Table 4. Strains of H2N2 and H3N2 subtypes showing N66S mutation in the PB1F2 protein from a various hosts
MutationHostTotal no. of strainsN66S mutation (%)
H2N2   83 24 (28·91)
Human542 (3·70)
Avian2216 (72·7)
Environment11 (100)
Guinea pig65 (83·3)
H3N2   2566 89 (3·96)
Human241930 (1·24)
Avian6853 (77·94)
Swine763 (3·94)
Environment162 (12·5
Dog11 (100)

A total of 1530 PB1F2 sequences for H1N1 influenza virus strains were available in the database which were isolated in the past 80 years (1931 till November 2011). Analysis revealed that 1155 (75·5%) were from humans (Table 1), of which only 73 (6·56%) strains had a complete (90aa or 87aa) PB1F2 fragment. Among the 73 strains harboring full-length PB1F2 fragment, 62 were isolated between the years 1933 and 1949 (data not shown). This observation is in conjunction with earlier report.14 Beyond the year 1949, most of the PB1F2 proteins were truncated, because a stop codon was introduced at position 58, leading to C-terminal-truncated protein. One thousand and seventy-three (92·7%) strains had a C-terminal-truncated PB1F2 protein fragment having 57 amino acids, while six had N-terminal-truncated PB1F2 protein having 52 amino acids. Our analysis revealed that from 1978 onwards, there were only 11 H1N1 strains with complete (90 or 87aa) PB1F2 protein (isolated between the years 1978 and 2009). These strains included CY021723 (A/California/10/1978), CY028730 (A/California/45/1978), CY019745 (A/Memphis/1/1979), CY026417 (A/Albany/8/1979), CY021915 (A/USSR/46/1979), DQ415295 (A/TW/3355/1997), JF758484 (A/South Dakota/03/2008), GQ457565 (A/Saskatchewan/5350/2009), GQ457567 (A/Saskatchewan/5351/2009), GQ457566 (A/Saskatchewan/5131/2009), and CY079535 A/Switzerland/9356/2009). Further study would be very interesting on these PB1F2 genes. Among the 261 (17%) strains from swine, 44 (16·85%) had a complete PB1F2 fragment, while unlike in human isolates, 202 (77·4%) had an N-terminal-truncated 52 amino acid fragment and only seven C-terminal-truncated 57aa strains. There were 112 (7·3%) from avian species among which 99 (88·4%) had complete 90aa PB1F2 fragment, while other 13 (11·6%) had an N-terminal-truncated 52aa fragment. Zell et al. in 2007 studied PB1 segment of 2226 viral strains and found that regardless of sequence origin, 87% of the strains encoded for PB1F2 protein and their size was >78aa.15 They concluded with their data analysis of PB1F2 sequences that evolutionary selection seems to force the C-terminal truncation and N-terminal preservation of PB1F2. The recent 2009 H1N1 pandemic strain is a reassortant virus comprising of genes derived from avian, swine, and human viruses, and it expresses only a C-terminal-truncated 11 amino acid PB1F2 protein.15 Its open reading frame has three stop codons that prevents the expression of full-length protein.15

Discussion

PB1F2 is a recently discovered protein in influenza viruses and is thought to have multitude of different function, which are thought to play important role in viral pathogenesis. However, the precise role of PB1F2 protein is still unclear in the life cycle of the virus. This study deals with comprehensive global data analysis of the PB1F2 protein of various influenza A subtypes, and our data are based on the analysis of the all the available PB1F2 sequences from the influenza virus data base that may not represent all the influenza A viruses found in nature.
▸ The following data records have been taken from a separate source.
Lemma square_gate_change a b c e : is_square adj a b c e -> gate a <> gate b -> gate c <> gate e.
Proof.
  intros Sq N E.
  destruct (classic (gate c = gate a)) as [Ea|Na].
  - apply (square_gate_change_old Sq); auto.
  - destruct (classic (gate c = gate b)) as [Eb|Nb].
    + destruct Sq as [Aab [Abc [Ace [Aea [Nac [Nbe [NAac NAbe]]]]]]].
      apply (square_gate_change_old (a := b) (b := a) (c := e) (e := c)); try congruence.
      repeat split; auto using adj_sym.
    + apply (square_gate_change_new Sq); auto.
Qed.

Definition edge_hyp (e : V * V) : Prop := clos_refl_trans _ (hyp_step adj) (x0, y0) e.

Lemma unord_eq_gate_neq e a b :
  unord_eq e (a, b) -> (gate (fst e) <> gate (snd e) <-> gate a <> gate b).
Proof. intros [->|[E1 E2]]; simpl in *; [tauto | rewrite E1, E2; split; congruence]. Qed.

Lemma hyp_step_gate_neq e f : hyp_step adj e f ->
  gate (fst e) <> gate (snd e) -> gate (fst f) <> gate (snd f).
Proof.
  intros [_ [_ [U | [[x [y [z [Axy [Ayz [Axz [He Hf]]]]]]]
                   | [a [b [c [e' [Sq [[H1 H2]|[H1 H2]]]]]]]]]]] P.
  - destruct U as [<-|[E1 E2]]; auto. rewrite <- E1, <- E2. congruence.
  - assert (Q : gate x <> gate y \/ gate y <> gate z \/ gate x <> gate z)
      by (destruct He as [He|[He|He]]; apply unord_eq_gate_neq in He; tauto).
    destruct (triangle_gate_change_all Axy Ayz Axz Q) as [Q1 [Q2 Q3]].
    destruct Hf as [Hf|[Hf|Hf]]; apply (unord_eq_gate_neq Hf); auto.
  - apply (unord_eq_gate_neq H2). apply (unord_eq_gate_neq H1) in P.
    apply (square_gate_change Sq); auto.
  - apply (unord_eq_gate_neq H2). apply (unord_eq_gate_neq H1) in P.
    destruct Sq as [A1 [A2 [A3 [A4 [N1 [N2 [N3 N4]]]]]]].
    apply (square_gate_change (a := b) (b := c) (c := e') (e := a)); auto.
    repeat split; auto. intros X; apply N3, adj_sym; auto.
Qed.

Lemma edge_hyp_gate_neq e : edge_hyp e -> is_edge adj e /\ gate (fst e) <> gate (snd e).
Proof.
  intros H. apply clos_rt_rt1n in H.
  assert (Base : is_edge adj (x0, y0) /\ gate (fst (x0, y0)) <> gate (snd (x0, y0))).
  { simpl. rewrite !gate_id by auto using edge_clique_x0, edge_clique_y0.
    split; [exact Hxy | exact (adj_neq Hxy)]. }
  revert Base. induction H as [|e f g Hs _ IH]; auto.
  intros [_ P]. apply IH. split; [apply Hs | apply (hyp_step_gate_neq Hs P)].
Qed.
(* Let $k$ be fixed and let $(P_n)_{n\in\mathbb N}$ be a sequence of orthogonal projections $P_n\in M_k\otimes M_n$ satisfying condition $\mathcal C_1$ with limiting function $f$. Then for any sequence of vectors $x_n\in\mathbb C^k\otimes\mathbb C^n$ with $x_nx_n^*\le P_n$, setting $X_n=\mathrm{Tr}_{\mathbb C^n}[x_nx_n^*]$, we have $$\limsup_{n\to\infty}\mathrm{Tr}[X_nA]\le f(A)\qquad\text{for all }A\in D_k.$$
   Context: $D_k=\{A\in M_k(\mathbb C): A\ge0,\ \mathrm{Tr}A=1\}$. A sequence of orthogonal projections $P_n\in M_k\otimes M_n$ satisfies condition $\mathcal C_m$ if for every $A\in D_k$ the $m$ largest eigenvalues $\lambda_1(P_n(A\otimes I_n)P_n)\ge\dots\ge\lambda_m(P_n(A\otimes I_n)P_n)$ converge as $n\to\infty$ to a common limit $f(A)$. $\mathrm{Tr}_{\mathbb C^n}$ denotes the partial trace over the second factor. *)

From HB Require Import structures.
From mathcomp Require Import all_boot all_order all_algebra.
From mathcomp Require Import complex mxtens.
From mathcomp Require Import all_classical all_reals all_analysis.

Set Implicit Arguments.
Unset Strict Implicit.
Unset Printing Implicit Defensive.

Import Order.TTheory GRing.Theory Num.Theory numFieldNormedType.Exports.
Local Open Scope classical_set_scope.
Local Open Scope ring_scope.

Definition adjmx (R : rcfType) (m n : nat) (M : 'M[R[i]]_(m, n)) : 'M[R[i]]_(n, m) :=
  (map_mx (@conjc R) M)^T.

(* Positive semidefinite: Hermitian and u^* M u >= 0 (as a complex number,
   i.e. real and nonnegative) for every vector u. *)
Definition psdmx (R : rcfType) (m : nat) (M : 'M[R[i]]_m) : Prop :=
  adjmx M = M /\ forall u : 'cV[R[i]]_m, 0 <= (adjmx u *m M *m u) 0 0.

Definition loewner_le (R : rcfType) (m : nat) (M N : 'M[R[i]]_m) : Prop :=
  psdmx (N - M).

Definition density (R : rcfType) (k : nat) (A : 'M[R[i]]_k) : Prop :=
  psdmx A /\ \tr A = 1.

Definition orthoproj (R : rcfType) (m : nat) (P : 'M[R[i]]_m) : Prop :=
  P *m P = P /\ adjmx P = P.

(* Largest eigenvalue lambda_1 of a (Hermitian) matrix: the supremum of its
   real eigenvalues (for Hermitian matrices, all eigenvalues are real). *)
Definition lambda_max (R : realType) (m : nat) (M : 'M[R[i]]_m) : R :=
  sup [set t : R | eigenvalue M (t%:C)%C].

(* Partial trace over the second tensor factor C^n of C^k (x) C^n,
   with the indexing convention of [tensmx] (first factor = C^k). *)
Definition ptrace2 (R : rcfType) (k n : nat) (M : 'M[R[i]]_(k * n)) : 'M[R[i]]_k :=
  \matrix_(i, j) \sum_(l < n) M (mxtens_index (i, l)) (mxtens_index (j, l)).

Definition condC1 (R : realType) (k : nat) (P : forall n : nat, 'M[R[i]]_(k * n))
  (f : 'M[R[i]]_k -> R) : Prop :=
  forall A : 'M[R[i]]_k, density A ->
    lambda_max (P n *m (A *t (1%:M : 'M[R[i]]_n)) *m P n) @[n --> \oo] --> (f A : R).

From HB Require Import structures.
From mathcomp Require Import all_boot all_order all_algebra.
From mathcomp Require Import complex mxtens sesquilinear spectral.
From mathcomp Require Import all_classical all_reals all_analysis.
Import Order.TTheory GRing.Theory Num.Theory numFieldNormedType.Exports.
Local Open Scope classical_set_scope.
Local Open Scope ring_scope.

(* Since x_n x_n^* <= P_n, the vector x_n lies in the range of P_n and has
   norm at most 1.  Hence Tr[X_n A] = <x_n, (A (x) I) x_n> = <x_n, M_n x_n>
   with M_n = P_n (A (x) I) P_n, which is at most the largest eigenvalue of the
   positive matrix M_n: diagonalizing M_n, its Rayleigh quotient is bounded by
   its largest eigenvalue.  These eigenvalues converge to f(A) by C_1, so the
   limsup of Tr[X_n A] is at most f(A). *)

Set Implicit Arguments.
Unset Strict Implicit.
Unset Printing Implicit Defensive.

Lemma big_mxtens_index (V : nmodType) k n (F : 'I_(k * n) -> V) :
  \sum_a F a = \sum_i \sum_l F (mxtens_index (i, l)).
Proof.
rewrite pair_big (reindex (@mxtens_index k n)) /=; last first.
  by exists (@mxtens_unindex k n) => a _; [exact: mxtens_indexK|exact: mxtens_unindexK].
by apply: eq_bigr => -[i l].
Qed.

Section Adjoint.
Variable R : rcfType.
Local Notation C := R[i].
Local Notation Re := (@complex.Re R).

Lemma adjmx_trC m n (M : 'M[C]_(m, n)) : adjmx M = map_mx Num.conj (M ^T).
Proof. by rewrite /adjmx map_trmx. Qed.

Lemma adjmxE m n (M : 'M[C]_(m, n)) i j : adjmx M i j = (M j i)^*.
Proof. by rewrite /adjmx !mxE. Qed.

Lemma adjmxK m n (M : 'M[C]_(m, n)) : adjmx (adjmx M) = M.
Proof. by apply/matrixP => i j; rewrite !adjmxE conjCK. Qed.

Lemma adjmx_eq0 m n (M : 'M[C]_(m, n)) : (adjmx M == 0) = (M == 0).
Proof.
have adjmx0 p q : adjmx (0 : 'M[C]_(p, q)) = 0.
  by apply/matrixP => i j; rewrite adjmxE !mxE conjC0.
by rewrite -(inj_eq (can_inj (@adjmxK _ _))) adjmxK adjmx0.
Qed.

Lemma adjmxD m n (A B : 'M[C]_(m, n)) : adjmx (A + B) = adjmx A + adjmx B.
Proof. by apply/matrixP => i j; rewrite !mxE rmorphD. Qed.

Lemma adjmxM m n p (A : 'M[C]_(m, n)) (B : 'M[C]_(n, p)) :
  adjmx (A *m B) = adjmx B *m adjmx A.
Proof. by rewrite /adjmx map_mxM trmx_mul. Qed.

Lemma adjmx1 m : adjmx (1%:M : 'M[C]_m) = 1%:M.
Proof. by rewrite /adjmx map_mx1 trmx1. Qed.

Lemma adjmx_tens m n p q (A : 'M[C]_(m, n)) (B : 'M[C]_(p, q)) :
  adjmx (A *t B) = adjmx A *t adjmx B.
Proof. by rewrite /adjmx map_mxT trmx_tens. Qed.

Definition qform m (M : 'M[C]_m) (u : 'cV[C]_m) : C := (adjmx u *m M *m u) 0 0.

Lemma qformE m (M : 'M[C]_m) u :
  qform M u = \sum_a \sum_b (u a 0)^* * M a b * u b 0.
Proof.
rewrite /qform mxE exchange_big; apply: eq_bigr => b _; rewrite mxE big_distrl.
by apply: eq_bigr => a _; rewrite adjmxE.
Qed.

Lemma qformB m (M N : 'M[C]_m) u : qform (M - N) u = qform M u - qform N u.
Proof. by rewrite /qform mulmxBr mulmxBl mxE [_ (- _) 0 0]mxE. Qed.

Lemma qform_adjM m n (M : 'M[C]_n) (B : 'M[C]_(n, m)) u :
  qform (adjmx B *m M *m B) u = qform M (B *m u).
Proof. by rewrite /qform adjmxM !mulmxA. Qed.

Lemma qform_rank1 m (x u : 'cV[C]_m) :
  qform (x *m adjmx x) u = `|(adjmx x *m u) 0 0| ^+ 2.
Proof.
rewrite /qform !mulmxA -(mulmxA _ (adjmx x)) mxE big_ord1 normCK mulrC.
by rewrite -[adjmx u *m x]adjmxK adjmxM adjmxK adjmxE.
Qed.

Lemma qform1E m (u : 'cV[C]_m) : qform 1%:M u = dotmx (adjmx u) (adjmx u).
Proof. by rewrite /qform mulmx1 dotmxE -adjmx_trC adjmxK. Qed.

Lemma qform1_ge0 m (u : 'cV[C]_m) : 0 <= qform 1%:M u.
Proof. by rewrite qform1E dnorm_ge0. Qed.

Lemma qform1_eq0 m (u : 'cV[C]_m) : (qform 1%:M u == 0) = (u == 0).
Proof. by rewrite qform1E dnorm_eq0 adjmx_eq0. Qed.

Lemma qform1_gt0 m (u : 'cV[C]_m) : (0 < qform 1%:M u) = (u != 0).
Proof. by rewrite qform1E dnorm_gt0 adjmx_eq0. Qed.

Lemma qform_diag m (d : 'rV[C]_m) y :
  qform (diag_mx d) y = \sum_i d 0 i * `|y i 0| ^+ 2.
Proof.
rewrite /qform mxE; apply: eq_bigr => i _.
by rewrite mul_mx_diag !mxE normCK mulrAC mulrC [_ * y i 0]mulrC.
Qed.

Lemma qform_diag_le m (d : 'rV[C]_m) c y : (forall i, d 0 i <= c) ->
  qform (diag_mx d) y <= c * qform 1%:M y.
Proof.
move=> le_dc; rewrite -diag_const_mx !qform_diag mulr_sumr.
by apply: ler_sum => i _; rewrite mxE mul1r ler_wpM2r ?exprn_ge0.
Qed.

Lemma qform_eigen m (M : 'M[C]_m) (v : 'rV[C]_m) a : v *m M = a *: v ->
  qform M (adjmx v) = a * qform 1%:M (adjmx v).
Proof. by rewrite /qform adjmxK mulmx1 => ->; rewrite -scalemxAl mxE. Qed.

Lemma psdmx_adjM m n (M : 'M[C]_n) (B : 'M[C]_(n, m)) :
  psdmx M -> psdmx (adjmx B *m M *m B).
Proof.
move=> [MA M_ge0]; split; first by rewrite !adjmxM adjmxK MA mulmxA.
by move=> u; rewrite -/(qform _ u) qform_adjM; apply: M_ge0.
Qed.

Lemma eigenvalue_psd_ge0 m (M : 'M[C]_m) a : psdmx M -> eigenvalue M a -> 0 <= a.
Proof.
move=> [_ M_ge0] /eigenvalueP [v vM v_neq0].
have := M_ge0 (adjmx v); rewrite -/(qform _ _) (qform_eigen vM).
by rewrite pmulr_lge0 // qform1_gt0 adjmx_eq0.
Qed.

Lemma loewner_rank1_proj m (P : 'M[C]_m) (x : 'cV[C]_m) :
  orthoproj P -> loewner_le (x *m adjmx x) P -> P *m x = x /\ qform 1%:M x <= 1.
Proof.
move=> [PP PA] [_ le_xP].
have Px_x : P *m x = x.
  (* for y = x - P x, <y, (P - x x^* ) y> = - |<x, y>|^2 = - |y|^4 *)
  pose y := x - P *m x.
  have Py0 : P *m y = 0 by rewrite mulmxBr mulmxA PP subrr.
  have xy : (adjmx x *m y) 0 0 = qform 1%:M y.
    rewrite /qform mulmx1 -{1}(subrK (P *m x) x) -/y adjmxD mulmxDl adjmxM PA.
    by rewrite -mulmxA Py0 mulmx0 addr0.
  have : 0 <= qform (P - x *m adjmx x) y := le_xP y.
  rewrite qformB qform_rank1 xy {1}/qform -mulmxA Py0 mulmx0 mxE sub0r oppr_ge0.
  move=> le0; have : `|qform 1%:M y| ^+ 2 == 0 by rewrite eq_le le0 exprn_ge0.
  by rewrite expf_eq0 normr_eq0 qform1_eq0 subr_eq0 => /eqP.
split => //; have : 0 <= qform (P - x *m adjmx x) x := le_xP x.
have nE : (adjmx x *m x) 0 0 = qform 1%:M x by rewrite /qform mulmx1.
rewrite qformB qform_rank1 {1}/qform -mulmxA Px_x nE.
have := qform1_ge0 x; rewrite le_eqVlt => /orP [/eqP <- _|n_gt0]; first exact: ler01.
rewrite (ger0_norm (ltW n_gt0)) -[X in X - _]mulr1 expr2 -mulrBr.
by rewrite pmulr_rge0 // subr_ge0.
Qed.

Definition tens_slice k n (v : 'cV[C]_(k * n)) (l : 'I_n) : 'cV[C]_k :=
  \col_i v (mxtens_index (i, l)) 0.

Lemma qform_tens1 k n (A : 'M[C]_k) (v : 'cV[C]_(k * n)) :
  qform (A *t 1%:M) v = \sum_l qform A (tens_slice v l).
Proof.
rewrite qformE big_mxtens_index exchange_big; apply: eq_bigr => l _.
rewrite qformE; apply: eq_bigr => i _; rewrite big_mxtens_index.
apply: eq_bigr => j _; rewrite (bigD1 l) //= big1 ?addr0 => [|l' nl'].
  by rewrite tensmxE !mxE eqxx mulr1.
by rewrite tensmxE !mxE eq_sym (negbTE nl') mulr0 mulr0 mul0r.
Qed.

Lemma mxtrace_ptrace2 k n (A : 'M[C]_k) (v : 'cV[C]_(k * n)) :
  \tr (ptrace2 (v *m adjmx v) *m A) = \sum_l qform A (tens_slice v l).
Proof.
under [RHS]eq_bigr => l _ do rewrite qformE.
rewrite [RHS]exchange_big /mxtrace; under [LHS]eq_bigr => a _ do rewrite mxE.
rewrite [LHS]exchange_big; apply: eq_bigr => j _.
under [LHS]eq_bigr => a _ do rewrite mxE big_distrl.
rewrite [LHS]exchange_big; apply: eq_bigr => l _; apply: eq_bigr => a _ /=.
by rewrite !mxE big_ord1 adjmxE -mulrA mulrC.
Qed.

Lemma psdmx_tens1 k n (A : 'M[C]_k) : psdmx A -> psdmx (A *t (1%:M : 'M[C]_n)).
Proof.
move=> [AA A_ge0]; split; first by rewrite adjmx_tens AA adjmx1.
by move=> v; rewrite -/(qform _ v) qform_tens1; apply: sumr_ge0 => l _; exact: A_ge0.
Qed.

Lemma hermitian_rayleigh_max m (M : 'M[C]_m.+1) : adjmx M = M ->
  exists d : R, eigenvalue M d%:C%C /\ forall u, qform M u <= d%:C%C * qform 1%:M u.
Proof.
(* M = U^* D U with U unitary and D real; the largest entry of D works. *)
move=> MA; set U := spectralmx M; set D := spectral_diag M.
have hermM : M \is hermsymmx.
  by apply/is_hermitianmxP; rewrite expr0 scale1r -{1}MA adjmx_trC.
have UU : adjmx U *m U = 1%:M.
  by rewrite adjmx_trC -invmx_unitary ?spectral_unitarymx ?mulVmx ?spectral_unit.
have UU' : U *m adjmx U = 1%:M.
  by rewrite adjmx_trC; apply/unitarymxP/spectral_unitarymx.
have M_UDU : M = adjmx U *m diag_mx D *m U.
  rewrite adjmx_trC -invmx_unitary ?spectral_unitarymx //.
  exact/orthomx_spectralP/hermitian_normalmx.
have D_real i : (Re (D 0 i))%:C%C = D 0 i.
  by apply: RRe_real; exact: (mxOverP (hermitian_spectral_diag_real hermM)).
clearbody U D.
have [i0 _ D_max] := @arg_maxP _ _ _ ord0 xpredT (fun i => Re (D 0 i)) isT.
exists (Re (D 0 i0)); split.
  apply/eigenvalueP; exists (delta_mx 0 i0 *m U).
    rewrite {1}M_UDU !mulmxA -(mulmxA (delta_mx 0 i0)) UU' mulmx1 -rowE.
    by rewrite row_diag_mx -scalemxAl D_real.
  rewrite mulmx_free_eq0; last by rewrite row_free_unit; case: (mulmx1_unit UU).
  by apply/negP => /eqP/matrixP/(_ 0 i0); rewrite !mxE !eqxx => /eqP; rewrite oner_eq0.
move=> u; have -> : qform 1%:M u = qform 1%:M (U *m u) by rewrite -qform_adjM mulmx1 UU.
rewrite M_UDU qform_adjM; apply: qform_diag_le => i.
by rewrite -(D_real i) lecR; apply: D_max.
Qed.

End Adjoint.

Section LambdaMax.
Variable R : realType.
Local Notation C := R[i].

Lemma lambda_maxE m (M : 'M[C]_m) (d : R) : eigenvalue M d%:C%C ->
  (forall u, qform M u <= d%:C%C * qform 1%:M u) -> lambda_max M = d.
Proof.
move=> eig_d rayleigh.
have d_ub : ubound [set t : R | eigenvalue M t%:C%C] d.
  move=> t /eigenvalueP [v vM v_neq0]; have := rayleigh (adjmx v).
  by rewrite (qform_eigen vM) ler_pM2r ?lecR // qform1_gt0 adjmx_eq0.
apply/le_anti; rewrite ge_sup //=; last by exists d.
by apply: ub_le_sup => //; exists d.
Qed.

Lemma qform_le_lambda_max m (M : 'M[C]_m) u : adjmx M = M ->
  qform M u <= (lambda_max M)%:C%C * qform 1%:M u.
Proof.
case: m M u => [|m] M u MA; first by rewrite [u]flatmx0 /qform !mulmx0 mxE mulr0.
have [d [eig_d rayleigh]] := hermitian_rayleigh_max MA.
by rewrite (lambda_maxE eig_d rayleigh).
Qed.

Lemma lambda_max_ge0 m (M : 'M[C]_m) : psdmx M -> 0 <= lambda_max M.
Proof.
case: m M => [|m] M psdM.
  (* no eigenvalues in dimension 0, and [sup set0 = 0] *)
  rewrite /lambda_max (_ : [set _ | _] = set0) ?sup0 //.
  by apply/seteqP; split => // t /eigenvalueP [v _]; rewrite [v]thinmx0 eqxx.
have [d [eig_d rayleigh]] := hermitian_rayleigh_max psdM.1.
by rewrite (lambda_maxE eig_d rayleigh) -ler0c (eigenvalue_psd_ge0 psdM eig_d).
Qed.

Lemma Re_tr_ptrace2_le_lambda_max k n (A : 'M[C]_k) (P : 'M[C]_(k * n))
  (x : 'cV[C]_(k * n)) :
  psdmx A -> orthoproj P -> loewner_le (x *m adjmx x) P ->
  complex.Re (\tr (ptrace2 (x *m adjmx x) *m A)) <=
    lambda_max (P *m (A *t 1%:M) *m P).
Proof.
move=> psdA projP le_xP; have [Px_x x_le1] := loewner_rank1_proj projP le_xP.
have psdM : psdmx (P *m (A *t 1%:M) *m P).
  by rewrite -{1}projP.2; apply/psdmx_adjM/psdmx_tens1.
suff : \tr (ptrace2 (x *m adjmx x) *m A) <= (lambda_max (P *m (A *t 1%:M) *m P))%:C%C.
  by rewrite lecE => /andP [].
rewrite mxtrace_ptrace2 -qform_tens1 -{1}Px_x -qform_adjM projP.2.
apply: le_trans (qform_le_lambda_max x psdM.1) _.
by rewrite ler_piMr ?ler0c ?lambda_max_ge0.
Qed.

End LambdaMax.

Lemma limn_esup_le_cvg_bound (R : realType) (u v : (\bar R)^nat) (l : \bar R) :
  (forall n, (u n <= v n)%E) -> v @ \oo --> l -> (limn_esup u <= l)%E.
Proof.
move=> le_uv /cvg_limn_einf_sup [_ <-]; rewrite !limn_esup_lim.
apply: lee_lim; [exact: is_cvg_esups|exact: is_cvg_esups|].
apply: nearW => n; apply: ge_ereal_sup => _ [m nm <-].
by apply: le_trans (le_uv m) _; apply: ereal_sup_ubound; exists m.
Qed.

Theorem lemma3p5 (R : realType) (k : nat)
  (P : forall n : nat, 'M[R[i]]_(k * n)) (f : 'M[R[i]]_k -> R)
  (HP : forall n, orthoproj (P n))
  (HC1 : condC1 P f)
  (x : forall n : nat, 'cV[R[i]]_(k * n))
  (Hx : forall n, loewner_le (x n *m adjmx (x n)) (P n)) :
  forall A : 'M[R[i]]_k, density A ->
    (limn_esup (fun n => (@complex.Re R (\tr (ptrace2 (x n *m adjmx (x n)) *m A)))%:E)
      <= (f A)%:E)%E.
Proof.
move=> A densA.
apply: (limn_esup_le_cvg_bound (v := fun n =>
  (lambda_max (P n *m (A *t (1%:M : 'M[R[i]]_n)) *m P n))%:E)).
  by move=> n; rewrite lee_fin; apply: Re_tr_ptrace2_le_lambda_max densA.1 (HP n) (Hx n).
by apply: cvg_EFin; [exact: nearW|exact: HC1 A densA].
Qed.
In many of the subtypes of influenza viruses isolated from different hosts, PB1F2 is truncated either from the C-terminal or N-terminal end, thus questioning about their evolutionary utility in different hosts. Analysis of the PB1F2 protein sequence of influenza subtype H5N1 revealed that approximately 96% of the H5N1 strains possessed complete PB1F2 fragment, suggesting that as PB1F2 is positively selected in these strain, it would definitely be necessary for the virus. Of immense interest is the fact that 10 (11·1%) amino acids were found conserved in 666 H5N1 PB1F2 sequences isolated from the avian host and in contrast much more (41 amino acids, 45·5%) amino acids were found conserved in the 220 H5N1 PB1F2 sequences isolated from human host. Similar results were obtained in another study where among all the 11 segments of influenza A viruses, only PB1F2 protein showed diversity between H5N1 strains from human and avian hosts.19

PB1F2 has an intrinsic property to localize to the mitochondria causing alteration in its morphology and ultimately dissipating the mitochondrial membrane potential and inducing apoptosis.7 Fine mapping of the protein revealed that there is a mitochondrial targeting sequence (MTS) in the C-terminal end that enables interaction with mitochondria.20,21 The 18 amino acids conserved domain (52–69aa positions) described in the H5N1 strains from the human host in this study is part of the MTS, and probably these amino acids would play role to maintain proapoptotic function of this protein. Analysis was also performed for the amino acid positions (Leu64, Glut69, Lys73, Arg75, and Val76) that have been earlier reported to be essential and most important for the mitochondrial targeting.20–22 The analysis revealed that the aforementioned five amino acids were conserved in 92·1% of the H5N1 strains from chicken, 88·4% in ducks, and 90·9% in humans. Among the five amino acid positions, maximum variability was in the position Arg 75. We believe this data would be very useful in enriching our understanding regarding the structure and function of PB1F2 protein. It might also help in developing vaccine targets and identifying both host-specific and also high-mortality genetic markers.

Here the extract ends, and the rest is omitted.